Johnson & Johnson (NYSE:JNJ) is included among the 11 Dogs of the Dow Dividend Stocks to Buy Now.
A smiling baby with an array of baby care products in the foreground.
Johnson & Johnson (NYSE:JNJ) has a sizable and broadly positioned operation, with strong representation in both the medical devices and pharmaceutical sectors. Its leading status in the industry is also supported by its robust efforts in research and development, as well as effective marketing capabilities.

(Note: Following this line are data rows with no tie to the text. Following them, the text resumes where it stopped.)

Theorem corollary8 (R : rcfType) (n k : nat) (A : 'M[R]_n) (lam : 'I_n -> R) :
  A^T = A ->
  eigenvalue_list A lam ->
  0 < Num.sqrt (spec_var lam) ->
  (1 <= k)%N -> (k.*2 < n)%N ->
  n%:R^-1 * (\sum_(i < n) \sum_(j < n | j != i) A i j)
    >= Num.sqrt (spec_var lam)
       * Num.sqrt (((n%:R - k%:R) ^+ 2 + k%:R ^+ 2) / n%:R) ->
  exists i0 : 'I_n,
    (forall j : 'I_n, j != i0 -> lam j < lam i0) /\
    exists v : 'cV[R]_n,
      [/\ v != 0, A *m v = lam i0 *: v &
          (n - k + 1 <= #|[set i : 'I_n | (0 <= v i ord0)%R]|)%N].
Proof.
move=> A_sym A_lam sigma_gt0 k_ge1 kn off_ge.
have [w [w_ge0 sum_w offE eigE]] := eigenvalue_list_weights A_sym A_lam.
have n_gt0 : (0 < n)%N by lia.
have c_gt0 : 0 < (n%:R - k%:R) ^+ 2 + k%:R ^+ 2 :> R.
  by rewrite ltr_wpDl ?sqr_ge0 ?exprn_gt0 ?ltr0n.
rewrite offE weighted_sum_sub_spec_mean // in off_ge.
have [var_gt0 s_gt0 s_ge] := sqrt_scaled_mul_le n_gt0 c_gt0 sigma_gt0 off_ge.
have [i0 [centered_max w_heavy]] := simple_max_heavy_weight
  (sum_sub_spec_mean lam n_gt0) w_ge0 sum_w k_ge1 kn var_gt0 s_gt0 s_ge.
have lam_max j : j != i0 -> lam j < lam i0 by move=> /centered_max; rewrite ltrD2r.
exists i0; split => //.
have [v v_neq0 Av] := eigenvalue_list_eigenvector i0 A_sym A_lam.
rewrite addn1; apply: (eigenvector_sum_ge0 v_neq0 Av).
rewrite natrB ?(eigE i0 v) ?ltr_pM2r ?sum_sqr_col_gt0 //; last by lia.
by move=> j /lam_max /lt_eqF ->.
Qed.
(* Let $d\ge 2$ and let $\mathcal A$ be the space of closed curves with constant speed parametrization defined below, equipped with the Riemannian metric $\langle v,w\rangle_{T_\eta\mathcal A}=L(\eta)\int_0^1 v(s)\cdot w(s)\,ds$. Then the associated Riemannian distance $d_{\mathcal A}$ is non-degenerate: for all $\eta_0,\eta_1\in\mathcal A$ with $\eta_0\neq\eta_1$ one has $d_{\mathcal A}(\eta_0,\eta_1)>0$.
   Context: $\mathbb S^1=\mathbb R/\mathbb Z$. $\mathcal K=\{\eta\in H^2(\mathbb S^1;\mathbb R^d):\int_0^1\eta(s)\,ds=0\}$, $L(\eta)=\int_0^1|\partial_s\eta|\,ds$, and $\mathcal A=\{\eta\in\mathcal K: |\partial_s\eta(s)|=L(\eta)>0\ \text{for all } s\in\mathbb S^1\}$, a smooth Hilbert submanifold of $\mathcal K$. For a $C^1$ path $\eta:[0,1]\to\mathcal A$ its Riemannian length is $\int_0^1\|\dot\eta(t)\|_{L^2(\mathbb S^1)}\sqrt{L(\eta(t))}\,dt$, and $d_{\mathcal A}(\eta_0,\eta_1)$ is the infimum of the lengths of such paths with $\eta(0)=\eta_0$, $\eta(1)=\eta_1$. *)

(* Curves in R^d are represented componentwise as
   families  eta : 'I_d -> R -> R  of 1-periodic real functions on R
   (functions on S^1 = R/Z), with R : realType. *)
From HB Require Import structures.
From mathcomp Require Import all_boot all_order all_algebra.
From mathcomp Require Import all_classical all_reals all_analysis.
Set Implicit Arguments. Unset Strict Implicit. Unset Printing Implicit Defensive.
Import Order.TTheory GRing.Theory Num.Theory.
Import numFieldNormedType.Exports.
Local Open Scope classical_set_scope.
Local Open Scope ring_scope.

Section Curves.
Variable R : realType.
Local Notation mu := (@lebesgue_measure R).

Definition I01 : set R := `[0, 1]%classic.

Definition periodic1 (f : R -> R) : Prop := forall s, f (s + 1) = f s.

Definition sq_int01 (g : R -> R) : Prop :=
  measurable_fun I01 g /\
  (\int[mu]_(x in I01) ((g x ^+ 2)%:E) < +oo)%E.

(* f : S^1 -> R lies in H^2(S^1), with weak second derivative g:
   f is 1-periodic and C^1 (differentiable everywhere, hence f' is periodic),
   and f' is the primitive of the square integrable function g. *)
Definition H2w (f g : R -> R) : Prop :=
  [/\ periodic1 f, (forall x, derivable f x 1), sq_int01 g &
      forall t, 0 <= t <= 1 ->
        derive1 f t = derive1 f 0 + Rintegral mu `[0, t]%classic g].

Definition H2 (f : R -> R) : Prop := exists g, H2w f g.

Variable d : nat.
Definition curve := 'I_d -> R -> R.
Theorem proposition2p1 (R : realType) (eps : nat -> R)
  (heps : forall n : nat, 0 < eps n < 2^-1)
  (heps_sub : forall delta : R, 0 < delta ->
     exists N : nat, forall n : nat, (N <= n)%N -> (eps n)^-1 <= powR (n%:R) delta) :
  forall C : R, 0 < C ->
  exists (c : R) (n0 : nat), 0 < c /\
  forall k : nat, (n0 <= 2 ^ k)%N ->
  forall (m : nat) (M : nat -> 'M[R]_(2 ^ k)),
    is_algorithm m M ->
    M m = 1%:M + eps (2 ^ k)%N *: walsh R k ->
    (forall t : nat, (1 <= t <= m)%N -> well_cond (1 + C * eps (2 ^ k)%N) (M t)) ->
    c * (eps (2 ^ k)%N) ^+ 2 * (2 ^ k)%:R * log2 ((2 ^ k)%:R) <= m%:R.
Proof.
(* The bound holds for every eps in (0, 1/2).  The constant c
   comes from (n - 1) eps^2 ln n <= 16 (1 + C eps) m together with n <= 2 (n - 1). *)
move=> C C_gt0; have ln2_gt0 : 0 < ln (2 : R) by rewrite ln_gt0 // ltr1n.
have C1_gt0 : 0 < 1 + C by lra.
exists (ln 2 / (32 * (1 + C))), 0%N; split; first by rewrite divr_gt0 // mulr_gt0 //; lra.
move=> k _ m M alg Mm wc; have /andP[e_gt0 e_lt] := heps (2 ^ k)%N.
set e := eps _ in Mm wc e_gt0 e_lt *.
have e_small : 2 * e ^+ 2 <= 1 by nra.
have kap_ge1 : 1 <= 1 + C * e by rewrite lerDl mulr_ge0 // ltW.
have m_ge0 := ler0n R m.
have Cem : C * e * m%:R <= C * m%:R by rewrite ler_wpM2r // ler_piMr ?ltW //; lra.
have := walsh_algorithm_length_ge e_gt0 e_small kap_ge1 alg Mm wc.
have := ler_wpM2l (sqr_ge0 e) (pow2_mul_ln_le R k).
rewrite /log2; set N : R := (2 ^ k)%:R; set L := ln N.
have -> : ln 2 / (32 * (1 + C)) * e ^+ 2 * N * (L / ln 2) =
    e ^+ 2 * (N * L) / (32 * (1 + C)) by field; rewrite !gt_eqF.
by rewrite ler_pdivrMr ?mulr_gt0 //; lra.
Qed.
(* Let $X$ be an $L$-space with a convexifying operator $P$, $(T,r)$ a metric compact, $\mu$ a Borel measure on $T$, $\omega$ a modulus of continuity, and $Q\subset T$ a compact set with $\mu(Q)>0$. Then for all $t\in T$ and $f\in H^\omega(T,X)$, $$h_X\Big(P(f(t)),\tfrac{1}{\mu(Q)}\int_Q f(s)\,d\mu(s)\Big)\le\tfrac{1}{\mu(Q)}\int_Q\omega(r(t,s))\,d\mu(s).$$ If $X$ is isotropic and $X^{\rm c}\ne\{\theta\}$, then the inequality is sharp, i.e. for every $t\in T$ the supremum of the left-hand side over $f\in H^\omega(T,X)$ equals the right-hand side.
   Context: Semilinear space: a set $X$ with addition and multiplication by reals such that for all $x,y,z\in X$, $\alpha,\beta\in\mathbb R$: $x+y=y+x$; $x+(y+z)=(x+y)+z$; there is $\theta$ with $x+\theta=x$; $\alpha(x+y)=\alpha x+\alpha y$; $\alpha(\beta x)=(\alpha\beta)x$; $1\cdot x=x$, $0\cdot x=\theta$. $x$ is convex if $(\alpha+\beta)x=\alpha x+\beta x$ for all $\alpha,\beta\ge0$; $X^{\rm c}$ is the set of convex elements. An $L$-space is a semilinear space with a complete separable metric $h_X$ satisfying $h_X(\alpha x,\alpha y)=|\alpha|h_X(x,y)$ and $h_X(x+z,y+z)\le h_X(x,y)$; isotropic if the latter is always an equality. A convexifying operator is a surjective map $P\colon X\to X^{\rm c}$ with $h_X(P(x),P(y))\le h_X(x,y)$, $P\circ P=P$, $P(\alpha x+\beta y)=\alpha P(x)+\beta P(y)$ for all $x,y$, $\alpha,\beta\in\mathbb R$. Integral: $f\colon T\to X$ is measurable if $h_X(f(\cdot),x)$ is Borel measurable for each $x$; for a simple bounded $f$ taking the value $f_i$ on pairwise disjoint Borel sets $T_i$ covering $T$, $\int_T f\,d\mu=\sum_i P(f_i)\mu(T_i)$; for a bounded measurable $f$, $\int_Tf\,d\mu$ is the limit of the integrals of any uniformly bounded sequence of simple functions converging to $f$ $\mu$-a.e. (the limit exists and does not depend on the sequence); $\int_Q f\,d\mu=\int_T\chi_Qf\,d\mu$ with $\chi_Q$ the indicator of $Q$. A modulus of continuity is a non-decreasing continuous $\omega\colon[0,\infty)\to[0,\infty)$ with $\omega(0)=0$ and $\omega(a+b)\le\omega(a)+\omega(b)$; $H^\omega(T,X)=\{f\colon T\to X:\ h_X(f(s),f(t))\le\omega(r(s,t))\ \forall s,t\}$. *)

From Stdlib Require List.
From HB Require Import structures.
From mathcomp Require Import all_boot all_order all_algebra.
From mathcomp Require Import all_classical all_reals all_analysis.
Set Implicit Arguments. Unset Strict Implicit. Unset Printing Implicit Defensive.
Import Order.TTheory GRing.Theory Num.Theory.
Import numFieldNormedType.Exports.
Local Open Scope classical_set_scope.
Local Open Scope ring_scope.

In the second quarter of 2025, Johnson & Johnson (NYSE:JNJ) reported revenue of $23.7 billion, which showed a 5.77% growth from the same period last year. The company raised its full-year sales outlook by $2 billion to reflect a 5.4% increase, thanks to solid operational performance and positive foreign exchange impacts. It also boosted its earnings per share (EPS) forecast by $0.25, bringing it to $10.85. Meanwhile, adjusted operational EPS was revised to $10.68 at the midpoint.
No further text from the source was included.